Born in February 1814 to members of the Russian nobility, Bakunin spent an idyllic childhood on his father's country estate. At the age of 14, he was sent to St. Petersburg to study at the Artillery School in preparation for a military career. A somewhat indifferent student, Bakunin's time in military school helped to inculcate in him the loathing for all forms of coercion and authority that would be codified in his anarchist philosophy.

After graduating, Bakunin was stationed at a remote post on the Polish frontier, where he began to study history and philosophy. Within six months, however, he decided that the army was not for him. He left his post and returned to Moscow, where he began mingling with radical students. During the early 1840s, Bakunin traveled widely in Europe, consorting with Russian expatriates, Polish nationalists, and radical European philosophers, and becoming noted for his eloquent and fiery oratory. He began to publish pamphlets and treatises outlining his new philosophy, most importantly an 1842 essay that concluded with the aphorism, “The passion for destruction is also a creative passion,” perhaps his most famous saying. These activities caused the Russian government to demand that he return to Russia. When he refused, his passport was revoked, and he was tried in absentia for treason and sentenced to Siberian exile.

Already a fugitive, Bakunin achieved international infamy through his participation in the revolutions of 1848. In that year, massive revolts in several European countries brought down the French monarchy and shook the governments of Germany and Austria to their core. Bakunin flitted from disturbance to disturbance, showing up at the barricades in Paris, Dresden, Berlin, and Prague in the course of 1848–1849. His participation in the events of 1848 led to successive trials in France and Austria, and he was sentenced to death both times. The Austrian authorities, however, transferred him to Russia at the behest of the czar. For more than three years, Bakunin was imprisoned in the Peter and Paul Fortress in Moscow; while there, he wrote his enigmatic Confession in a plea for clemency. He was allowed to go into exile in Siberia in 1857. Four years later, he managed to escape from Siberia on a ship, returning to Europe by way of Japan and the United States.

Following his escape, Bakunin entered his most active period of revolutionary agitation, becoming the leader of the anarchist groups already active in Europe and attracting a strong following in Spain, Italy, and France. The anarchists were not the only revolutionary ideologues in the Europe of the 1860s, for this period also saw the rise of communism, with Karl Marx forming the International Workingmen's Association (the First International) in 1864 in an attempt to unite all European radicals. Bakunin and his anarchists soon entered a fierce battle with Marx for control of the European radical movement.

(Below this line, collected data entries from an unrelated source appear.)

Definition convexity_tester : nonadaptive_tester B :=
  @NATester n B 'I_#|B| (fun=> #|B|%:R^-1) (queries_at B h)
    (fun w => convex_answers (queries_at B h w))
    (fun=> ltac:(by rewrite invr_ge0 ler0n)) uniform_sum1 (queries_at_in B h).

Lemma convexity_tester_complete g : convex_on B g -> accept_prob convexity_tester g = 1.
Proof.
move=> cvx_g; rewrite /accept_prob /= -[RHS]uniform_sum1; apply: eq_bigl => w.
by apply/convex_answersP; apply: convex_on_sub cvx_g; apply/subsetP => x;
  rewrite inE => /(allP (queries_at_in B h w)).
Qed.

Lemma reject_prob_convexity_tester g :
  reject_prob convexity_tester g = #|rejected B h g|%:R / #|B|%:R.
Proof.
rewrite /reject_prob /= (eq_bigl (mem (rejected B h g))) => [|w]; last by rewrite !inE.
by rewrite sumr_const mulr_natl.
Qed.

End ConvexityTester.

Lemma query_count_le_log2 (k : R) : 0 <= k ->
  ((7 + 4 * trunc_log 2 ((Num.truncn k).+1 + (Num.truncn k).+1))%N)%:R <=
    20 * Num.max 1 (log2 k).
Proof.
move=> k0; set N := (Num.truncn k).+1; set j := trunc_log 2 (N + N).
have two_j : (2 ^ j <= N + N)%N by apply: trunc_logP.
have N_le : N%:R <= k + 1 by rewrite /N -addn1 natrD lerD2r truncn_le.
set M := Num.max 1 k.
have [M1 kM] : 1 <= M /\ k <= M by rewrite !le_max !lexx orbT.
have M0 : 0 < M by apply: lt_le_trans M1.
have ln2 : 0 < ln (2 : R) by apply: ln_gt0; lra.
have j_ln : j%:R * ln (2 : R) <= ln (2 : R) *+ 2 + ln M.
  have -> : j%:R * ln (2 : R) = ln ((2 ^ j)%:R : R) by rewrite natrX lnXn // mulr_natl.
  have -> : ln (2 : R) *+ 2 + ln M = ln (4 * M).
    have -> : (4 : R) = 2 ^+ 2 by rewrite expr2; lra.
    by rewrite lnM ?posrE ?exprn_gt0 // lnXn.
  rewrite ler_ln ?posrE ?ltr0n ?expn_gt0 ?mulr_gt0 //.
  by apply: le_trans (_ : (N + N)%:R <= _); rewrite ?ler_nat // natrD; lra.
have ln_M : ln M / ln 2 <= Num.max 1 (log2 k).
  have [k1|k1] := lerP k 1; first by rewrite /M max_l // ln1 mul0r le_max ler01.
  by rewrite /M max_r ?le_max ?lexx ?orbT // ltW.
have j_le : j%:R <= 2 + Num.max 1 (log2 k).
  apply: le_trans (_ : (ln (2 : R) *+ 2 + ln M) / ln 2 <= _); first by rewrite ler_pdivlMr.
  by rewrite mulrDl mulrnAl divff ?gt_eqF //; lra.
have : 1 <= Num.max 1 (log2 k) by rewrite le_max lexx.
by rewrite natrD natrM; lra.
Qed.


Theorem mainTheorem7 :
  exists C : R, 0 < C /\
  forall (n : nat) (B : {set 'I_n.+1}) (eps : R),
    subset_of_n B -> B != set0 -> 0 < eps -> eps < 1 ->
    exists T : nonadaptive_tester B,
      query_bound T (C * Num.max 1 (log2 (eps * (#|B|)%:R))) /\
      (forall g : 'I_n.+1 -> R, convex_on B g -> accept_prob T g = 1) /\
      (forall g : 'I_n.+1 -> R, far_from_convex B eps g -> eps <= reject_prob T g).
Proof.
exists 20; split=> // n B eps _ B_ne0 eps0 _.
have B_gt0 : (0 < #|B|)%N by rewrite card_gt0.
have k0 : 0 <= eps * #|B|%:R by rewrite mulr_ge0 // ltW.
set h := (Num.truncn (eps * #|B|%:R)).+1.
exists (convexity_tester h B_gt0); split; [|split].
- move=> w; apply: le_trans (query_count_le_log2 k0).
  by rewrite ler_nat size_queries_at.
- exact: convexity_tester_complete.
- move=> g far_g; rewrite reject_prob_convexity_tester ler_pdivlMr ?ltr0n //.
  have [few|many] := ltnP #|rejected B h g| h.
    have [g' cvx_g' diff] := close_to_convex (ltn0Sn _) few.
    by apply: le_trans (far_g g' cvx_g') _; rewrite ler_nat.
  apply: le_trans (ltW (truncnS_gt _)) _.
  by rewrite ler_nat.
Qed.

In 1872 Marx succeeded in expelling Bakunin and the anarchists from the International, primarily because of allegations that Bakunin had been forming secret societies within the group with the intent of taking it over. The opinions of later commentators have differed sharply on this question, but the evidence appears to support Marx's accusation. Such clandestine power plays are the antithesis of anarchist philosophy, and that Bakunin would support such a strategy highlights the complexity of his personality and his politics. Throughout Bakunin's life, his desire to personally participate in the anarchist revolution often caused him to behave in a self-contradictory manner.